If the issues impact the admissibility of the goods or merchandise, then the CBP might be required to detain and seize the goods or merchandise.

Within five days of arrival, goods might be “detained” by federal agents with U.S. Customs and Border Protection (CBP). Within five days after the detention begins, the CBP must issue a formal “Notice of Detention.”

As a practical matter, this typically requires the “Notice of Detention by CBP” to be issued within a total of 10 days after arrival, excluding weekends and holidays.

If the federal agents with the U.S. Customs and Border Protection do not follow each of the rules, it often gives the claimant’s attorney the best chances of getting the property returned quickly, sometimes with the agency being forced to pay interest and attorney fees.

The Notice of Detention issued by CBP must explain:

  • the specific reason why CBP detained the goods or merchandise;
  • the nature of any tests or inquiries to be conducted; and
  • the nature of any information that, if supplied to CBP, will speed up the disposition of the detention.

If the issues are not resolved, the detention might turn into a seizure case.  The issuance of a seizure notice is necessary to begin the legal process for the forfeiture of the importer’s goods or merchandise.

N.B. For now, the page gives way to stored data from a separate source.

(** * Cooling *)

(* The first crossing is the supremum of {t >= 0 | Rf t < Lf t}. *)
Lemma first_crossing (Lf Rf : R -> R) :
  (forall s t, 0 <= s <= t -> Lf t <= Lf s <= Lf t + (t - s)) ->
  (forall s t, 0 <= s <= t -> Rf s <= Rf t <= Rf s + (t - s)) ->
  Rf 0 <= Lf 0 -> (exists T, 0 <= T /\ Lf T < Rf T) ->
  exists t0, 0 <= t0 /\ Lf t0 = Rf t0 /\ forall t, 0 <= t -> Lf t = Rf t -> t0 <= t.
Proof.
  intros HL HR H0 [T [HT0 HT]].
  destruct (Req_dec (Lf 0) (Rf 0)) as [E0|E0].
  { exists 0. split; [lra | split; auto]. }
  set (E := fun t => 0 <= t /\ Rf t < Lf t).
  assert (HEb : forall t, E t -> t <= T).
  { intros t [Ht Hf]. destruct (Rle_dec t T) as [|Hn]; auto.
    specialize (HL T t ltac:(lra)). specialize (HR T t ltac:(lra)). lra. }
  destruct (completeness E) as [a [Hub Hlub]].
  { exists T. intros t Ht. apply HEb; auto. }
  { exists 0. split; lra. }
  assert (Ha0 : 0 <= a) by (apply Hub; split; lra).
  assert (Happrox : forall b, b < a -> exists t, E t /\ b < t).
  { intros b Hb. apply NNPP. intro Hn. enough (a <= b) by lra.
    apply Hlub. intros t Ht. destruct (Rle_dec t b); auto. exfalso; apply Hn; exists t; split; auto; lra. }
  exists a. split; auto. split.
  - destruct (Rtotal_order (Lf a) (Rf a)) as [Hlt|[Heq|Hgt]]; auto; exfalso.
    + set (e := (Rf a - Lf a) / 4).
      destruct (Happrox (a - e) ltac:(unfold e; lra)) as [t [[Ht0 Ht] Hgt]].
      assert (t <= a) by (apply Hub; split; auto).
      specialize (HL t a ltac:(lra)). specialize (HR t a ltac:(lra)). unfold e in *. lra.
    + set (e := (Lf a - Rf a) / 4).
      assert (E (a + e)).
      { split; [unfold e; lra|]. specialize (HL a (a + e) ltac:(unfold e; lra)).
        specialize (HR a (a + e) ltac:(unfold e; lra)). unfold e in *. lra. }
      assert (a + e <= a) by (apply Hub; auto). unfold e in *; lra.
  - intros t Ht Hf. destruct (Rle_dec a t) as [|Hn]; auto. exfalso.
    destruct (Happrox t ltac:(lra)) as [u [[Hu0 Hu] Htu]].
    specialize (HL t u ltac:(lra)). specialize (HR t u ltac:(lra)). lra.
Qed.

Definition cooling_shift (b : bool) (s : R) : R := if b then - s else s.

Lemma options_cool_tilde b X s :
  options b (cool_tilde X s) = map (fun x => add (cool x s) (num (cooling_shift b s))) (options b X).
Proof. destruct X as [[a|h hs] [c|h' hs']], b; reflexivity. Qed.

Lemma options_cool_tilde_nil b X s : options b (cool_tilde X s) = [] <-> options b X = [].
Proof. rewrite options_cool_tilde. split; [apply map_eq_nil | intros ->; reflexivity]. Qed.

Lemma cool_unfold X t : cool X t =
  if is_number X then X
  else if Rle_dec t (temperature X) then cool_tilde X t
  else num (Ls (cool_tilde X (temperature X))).
Proof. destruct X as [l r]. unfold temperature. cbn - [is_number]. destruct (is_number _); reflexivity. Qed.

Lemma cool_number X t : is_number X = true -> cool X t = X.
Proof. intro HN. rewrite cool_unfold, HN. reflexivity. Qed.

Lemma cool_hot X t : is_number X = false -> t <= temperature X -> cool X t = cool_tilde X t.
Proof.
  intros HN Ht. rewrite cool_unfold, HN. destruct (Rle_dec t (temperature X)); [reflexivity | lra].
Qed.

Lemma temperature_number X : is_number X = true -> temperature X = 0.
Proof. unfold temperature. intros ->. reflexivity. Qed.

Lemma Ls_cool_tilde_ge X x t : In x (options true X) -> Rs (cool x t) - t <= Ls (cool_tilde X t).
Proof.
  intro Hx. assert (Hy : In (add (cool x t) (num (- t))) (options true (cool_tilde X t))).
  { rewrite options_cool_tilde. apply in_map_iff. eauto. }
  pose proof (Ls_ge_option _ _ Hy). rewrite Rs_add_num in H. lra.
Qed.

Lemma Rs_cool_tilde_le X x t : In x (options false X) -> Rs (cool_tilde X t) <= Ls (cool x t) + t.
Proof.
  intro Hx. assert (Hy : In (add (cool x t) (num t)) (options false (cool_tilde X t))).
  { rewrite options_cool_tilde. apply in_map_iff. eauto. }
  pose proof (Rs_le_option _ _ Hy). rewrite Ls_add_num in H. lra.
Qed.

Lemma Ls_cool_tilde_attained X t : options true X <> [] ->
  exists x, In x (options true X) /\ Ls (cool_tilde X t) = Rs (cool x t) - t.
Proof.
  intro HL. assert (Hne : options true (cool_tilde X t) <> []) by (rewrite options_cool_tilde_nil; exact HL).
  destruct (Ls_attained _ Hne) as [y [Hy ->]]. rewrite options_cool_tilde in Hy.
  apply in_map_iff in Hy as [x [<- Hx]]. exists x. split; auto. rewrite Rs_add_num. cbn. lra.
Qed.

Lemma Rs_cool_tilde_attained X t : options false X <> [] ->
  exists x, In x (options false X) /\ Rs (cool_tilde X t) = Ls (cool x t) + t.
Proof.
  intro HR. assert (Hne : options false (cool_tilde X t) <> []) by (rewrite options_cool_tilde_nil; exact HR).
  destruct (Rs_attained _ Hne) as [y [Hy ->]]. rewrite options_cool_tilde in Hy.
  apply in_map_iff in Hy as [x [<- Hx]]. exists x. split; auto. rewrite Ls_add_num. reflexivity.
Qed.

Definition cooling_monotone (F : R -> game) : Prop :=
  forall s t, 0 <= s <= t ->
    (Ls (F t) <= Ls (F s) <= Ls (F t) + (t - s)) /\ (Rs (F s) <= Rs (F t) <= Rs (F s) + (t - s)).

Definition is_temperature (X : game) (t0 : R) : Prop :=
  0 <= t0 /\ Ls (cool_tilde X t0) = Rs (cool_tilde X t0) /\
  forall t, 0 <= t -> Ls (cool_tilde X t) = Rs (cool_tilde X t) -> t0 <= t.

Lemma temperature_is_temperature X : is_number X = false ->
  (exists t0, is_temperature X t0) -> is_temperature X (temperature X).
Proof. intros HN Hex. unfold temperature. rewrite HN. exact (epsilon_spec _ _ Hex). Qed.

Definition value (X : game) : R := Ls (cool X (temperature X)).

Record cooling_spec (X : game) : Prop := {
  cool_monotone : cooling_monotone (cool X);
  cool_nonzugzwang : forall t, 0 <= t -> Rs (cool X t) <= Ls (cool X t);
  Ls_cool_0 : Ls (cool X 0) = Ls X;
  Rs_cool_0 : Rs (cool X 0) = Rs X;
  value_between : forall t, 0 <= t -> Rs (cool X t) <= value X <= Ls (cool X t);
  temperature_spec : is_number X = false -> is_temperature X (temperature X) }.

Lemma Rabs_bounded_on_list {A} (f : A -> R) (l : list A) :
  exists M, forall x, In x l -> Rabs (f x) <= M.
Proof.
  induction l as [|y l [M HM]]; [exists 0; intros _ []|].
  exists (Rmax (Rabs (f y)) M). intros x [<-|Hx]; [apply Rmax_l|].
  eapply Rle_trans; [apply HM, Hx | apply Rmax_r].
Qed.

Section CoolTilde.

Variable X : game.
Hypothesis HL : options true X <> [].
Hypothesis HR : options false X <> [].
Hypothesis IHo : forall b x, In x (options b X) -> cooling_spec x.

Lemma cool_tilde_monotone : cooling_monotone (cool_tilde X).
Proof.
  intros s t Hst. split; split.
  - destruct (Ls_cool_tilde_attained X t HL) as [x [Hx ->]].
    destruct (cool_monotone _ (IHo _ _ Hx) s t Hst) as [_ [h1 h2]].
    pose proof (Ls_cool_tilde_ge X x s Hx). lra.
  - destruct (Ls_cool_tilde_attained X s HL) as [x [Hx ->]].
    destruct (cool_monotone _ (IHo _ _ Hx) s t Hst) as [_ [h1 h2]].
    pose proof (Ls_cool_tilde_ge X x t Hx). lra.
  - destruct (Rs_cool_tilde_attained X t HR) as [x [Hx ->]].
    destruct (cool_monotone _ (IHo _ _ Hx) s t Hst) as [[h1 h2] _].
    pose proof (Rs_cool_tilde_le X x s Hx). lra.
  - destruct (Rs_cool_tilde_attained X s HR) as [x [Hx ->]].
    destruct (cool_monotone _ (IHo _ _ Hx) s t Hst) as [[h1 h2] _].
    pose proof (Rs_cool_tilde_le X x t Hx). lra.
Qed.

Lemma scores_cool_tilde_0 : Ls (cool_tilde X 0) = Ls X /\ Rs (cool_tilde X 0) = Rs X.
Proof.
  split; apply Rle_antisym.
  - destruct (Ls_cool_tilde_attained X 0 HL) as [x [Hx ->]].
    rewrite (Rs_cool_0 _ (IHo _ _ Hx)). pose proof (Ls_ge_option _ _ Hx). lra.
  - destruct (Ls_attained X HL) as [x [Hx ->]].
    pose proof (Ls_cool_tilde_ge X x 0 Hx). rewrite (Rs_cool_0 _ (IHo _ _ Hx)) in H. lra.
  - destruct (Rs_attained X HR) as [x [Hx ->]].
    pose proof (Rs_cool_tilde_le X x 0 Hx). rewrite (Ls_cool_0 _ (IHo _ _ Hx)) in H. lra.
  - destruct (Rs_cool_tilde_attained X 0 HR) as [x [Hx ->]].
    rewrite (Ls_cool_0 _ (IHo _ _ Hx)). pose proof (Rs_le_option _ _ Hx). lra.
Qed.

Lemma cool_tilde_eventually_crossed : exists T, 0 <= T /\ Ls (cool_tilde X T) < Rs (cool_tilde X T).
Proof.
  destruct (Rabs_bounded_on_list value (options true X ++ options false X)) as [M HM].
  assert (M0 : 0 <= M).
  { destruct (options true X) as [|x l] eqn:E; [contradiction|].
    eapply Rle_trans; [apply Rabs_pos | apply (HM x); left; reflexivity]. }
  exists (M + 1). split; [lra|].
  destruct (Ls_cool_tilde_attained X (M + 1) HL) as [x [Hx ->]].
  destruct (Rs_cool_tilde_attained X (M + 1) HR) as [y [Hy ->]].
  pose proof (value_between _ (IHo _ _ Hx) (M + 1) ltac:(lra)).
  pose proof (value_between _ (IHo _ _ Hy) (M + 1) ltac:(lra)).
  pose proof (HM x ltac:(apply in_or_app; auto)). pose proof (HM y ltac:(apply in_or_app; auto)).
  pose proof (Rle_abs (value x)). pose proof (Rle_abs (- value y)).
  rewrite Rabs_Ropp in *. lra.
Qed.

End CoolTilde.

Lemma regular_not_number_options b X : regular X -> is_number X = false -> options b X <> [].
Proof. intros RX HN E. rewrite (regular_nil_number b X RX E) in HN. discriminate. Qed.

Lemma regular_cooling_spec X : regular X -> cooling_spec X.
Proof.
  induction X as [X IH] using (induction_ltof1 _ game_size). intro RX.
  destruct (is_number X) eqn:HN.
  - assert (E : forall t, cool X t = X) by (intro; apply cool_number, HN).
    assert (EV : value X = Ls X) by (unfold value; rewrite E; reflexivity).
    pose proof (regular_Rs_le_Ls X RX).
    constructor; try (intros; rewrite ?E, ?EV; lra); [| congruence].
    intros s t Hst. rewrite !E. lra.
  - pose proof (regular_not_number_options true X RX HN) as HL.
    pose proof (regular_not_number_options false X RX HN) as HR.
    assert (IHo : forall b x, In x (options b X) -> cooling_spec x)
      by (intros b x Hx; apply IH; [apply (game_size_option b), Hx | eapply regular_option; eauto]).
    pose proof (cool_tilde_monotone X HL HR IHo) as TM.
    destruct (scores_cool_tilde_0 X HL HR IHo) as [Z1 Z2].
    assert (TS : is_temperature X (temperature X)).
    { apply temperature_is_temperature; auto.
      apply (first_crossing (fun t => Ls (cool_tilde X t)) (fun t => Rs (cool_tilde X t)));
        [apply TM | apply TM | rewrite Z1, Z2; apply regular_Rs_le_Ls, RX |
         apply cool_tilde_eventually_crossed; auto]. }
    destruct TS as [T0 [T1 T2]].
    set (t0 := temperature X) in *.
    assert (EV : value X = Ls (cool_tilde X t0)) by (unfold value; rewrite cool_hot; auto; lra).
    set (v := Ls (cool_tilde X t0)) in *.
    assert (E : forall t, cool X t = if Rle_dec t t0 then cool_tilde X t else num v)
      by (intro t; rewrite cool_unfold, HN; reflexivity).
    assert (Hbetween : forall t, 0 <= t <= t0 -> Rs (cool_tilde X t) <= v <= Ls (cool_tilde X t)).
    { intros t Ht. destruct (TM t t0 Ht) as [[a1 a2] [b1 b2]]. unfold v in *. lra. }
    constructor; rewrite ?EV.
    + intros s t Hst. rewrite !E.
      destruct (Rle_dec t t0), (Rle_dec s t0); try lra.
      * apply TM; auto.
      * cbn. destruct (TM s t0 ltac:(lra)) as [[a1 a2] [b1 b2]]. unfold v in *. lra.
    + intros t Ht. rewrite E. destruct (Rle_dec t t0); [destruct (Hbetween t) | cbn]; lra.
    + rewrite E. destruct (Rle_dec 0 t0); [auto | lra].
    + rewrite E. destruct (Rle_dec 0 t0); [auto | lra].
    + intros t Ht. rewrite E. destruct (Rle_dec t t0); [apply Hbetween | cbn]; lra.
    + intros _. repeat split; auto.
Qed.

The importer then has the opportunity to make a claim for court action or judicial review which is the best way to get the goods back quickly.

If the importer doesn’t act quickly, the goods or merchandise may be sent for auction or destruction.


Additional Resources

Property Seized by Agents with the U.S. Customs and Board Protection (CBP) – Visit the website of the U.S. Customs and Border Protection to learn more from the CBP Information Center about Securing America’s Borders. Learn more about the status of seized property and how you can fight for its return. Find answers to questions about what to do if your property was seized or taken by Customs and Border Protection (CBP). After the seizure, the case is then referred to the Fines, Penalties and Forfeitures (FP&F) office within three working days. The FP&F Officer then sends any interested parties a notice of seizure.

How the CBP Official Notification is Posted – Search the U.S. Customs and Border Protection (“CBP”) legal notice published each week online on the centralized www.forfeiture.gov website for forfeiture actions across all federal agencies. The CBP is required to give the proper notice that the property listed on the notification was seized for federal forfeiture for violation of federal law. The public can find the rules, procedures, and laws that apply to the forfeiture process listed on the website or in 19 U.S.C. Sections 1602 – 1619, 18 U.S.C. Section 983, and 28 C.F.R. Parts 8 and 9.


This article was last updated on Thursday, February 6, 2020.